There is a new resolve, provoked by recent hikes in food prices around the world, to increase global food production in order to feed a rapidly growing population. In response to this, the biotechnology industry has made optimistic claims about the ability of genetically engineered (GE) crops—in which the plant DNA is changed using spliced genes that are often from unrelated organisms—to substantially increase farmers’ yields. Agricultural biotechnology has shown to increase crop production by seven- to tenfold in some developing countries, far beyond the production capabilities of traditional agriculture. Agricultural biotechnology is moving beyond input traits and is focused on delivering consumer health benefits.
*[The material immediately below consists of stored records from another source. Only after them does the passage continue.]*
(* Let $\mathcal{A}$ be a finite alphabet, $n\ge0$, and $N=[1,n]=\{1,\dots,n\}$. Then (i) $|\overline{L}_{\mathcal{A}}(n)/\mathcal{S}_{\mathcal{A}}|=|\overline{G}_{\mathcal{A}}(N)/\hat{\mathcal{S}}_{\mathcal{A}}(n+1)|=|\overline{G}_{\mathcal{A}}(N)/{\sim}|=|\overline{G}_{\mathcal{A}}(N)/{\cong}|$; (ii) $|L_{\mathcal{A}}(n)/\mathcal{S}_{\mathcal{A}}|=|G_{\mathcal{A}}(N)/\hat{\mathcal{S}}_{\mathcal{A}}(n+1)|$; (iii) $|\overline{G}_{\mathcal{A}}(N)/\hat{\mathcal{S}}_{\mathcal{A}}(n+1)|\le|G_{\mathcal{A}}(N)/{\sim}|\le|G_{\mathcal{A}}(N)/{\cong}|\le|G_{\mathcal{A}}(N)/\hat{\mathcal{S}}_{\mathcal{A}}(n+1)|$.
   Context: $L_{\mathcal{A}}(n)$ is the set of $f:\mathcal{A}^n\to\mathcal{A}$; $\overline{L}_{\mathcal{A}}(n)$ the irreducible ones (depending on every argument). $\mathcal{S}_{\mathcal{A}}=\{1,r\}\times S_{\mathcal{A}}$ ($S_{\mathcal{A}}$ the permutations of $\mathcal{A}$) acts on rules by $\hat\nu f(w)=\nu f(\nu^{-1}w)$ (letterwise) and $\hat rf(w)=f(rw)$, $r$ reversing words. For $f:\mathcal{A}^n\to\mathcal{A}$, $\Phi^N_f(x)_i=f(x_{i+1}\dots x_{i+n})$; $G_{\mathcal{A}}(N)=\{\Phi^N_f\mid f\in L_{\mathcal{A}}(n)\}$, $\overline{G}_{\mathcal{A}}(N)=\{\Phi^N_f\mid f\in\overline{L}_{\mathcal{A}}(n)\}$. Operators on global maps: $\sigma\Phi=\sigma\circ\Phi$ with $(\sigma x)_i=x_{i+1}$; $\hat\nu\Phi(x)=\nu\Phi(\nu^{-1}x)$; $\hat r\Phi(x)=r\Phi(rx)$ with $(rx)_i=x_{-i}$. $\hat{\mathcal{S}}_{\mathcal{A}}(n+1)$ is the group generated by $\sigma^{n+1}\hat r$ and all $\hat\nu$, $\nu\in S_{\mathcal{A}}$; it acts on $G_{\mathcal{A}}(N)$ and on $\overline G_{\mathcal{A}}(N)$. $\Phi\cong\Psi$ iff $\Psi=\tau\Phi$ for some $\tau$ in the group generated by $\sigma,\hat r,\hat\nu$. Scaling: for positive rational $v$ and a global map with a representation $\Phi=\Phi^M_f$, $vM\subseteq\mathbb{Z}$, put $\hat s_v\Phi=\Phi^{vM}_f$; $\Phi\sim\Psi$ iff there exist global maps $\Phi',\Psi'$ and a positive rational $v$ with $\Phi\cong\Phi'$, $\Psi\cong\Psi'$, $\Psi'=\hat s_v\Phi'$. For a set $X$ of global maps, $X/{\cong}$ and $X/{\sim}$ denote the classes of the restricted relations, and $X/\hat{\mathcal{S}}_{\mathcal{A}}(n+1)$ the orbits. *)

From HB Require Import structures.
From Stdlib Require Import Relations.
From mathcomp Require Import all_boot all_order all_algebra all_fingroup.
From mathcomp Require Import boolp.
Set Implicit Arguments. Unset Strict Implicit. Unset Printing Implicit Defensive.
Import GRing.Theory Num.Theory.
Over 10 new soybean varieties with human health benefits moving toward commercialization. Bacillus thuringiensis (Bt) is a sporulating, Gram-positive facultative-aerobic soil bacterium. The spores contain crystals, predominantly comprising one or more Cry and ⁄ or Cyt proteins (also known as d-endotoxins) that have potent and specific insecticidal activity. Bt toxins have been used as topical pesticides to protect crops, and more recently the proteins have been expressed in transgenic plants to confer inherent pest resistance. While some scientists have argued that Bt transgenic crops produced tremendous results upon their deployment, others have shown disappointment over the likely development of pest resistant insect strains. The aim of this present review attempts to focus on the failure of Bacillus thuringiensis biotechnology in the light of the usefulness of biotechnology.
Key words: Bacillus thuringiensis (Bt), Biotechnology, Pest, Resistance.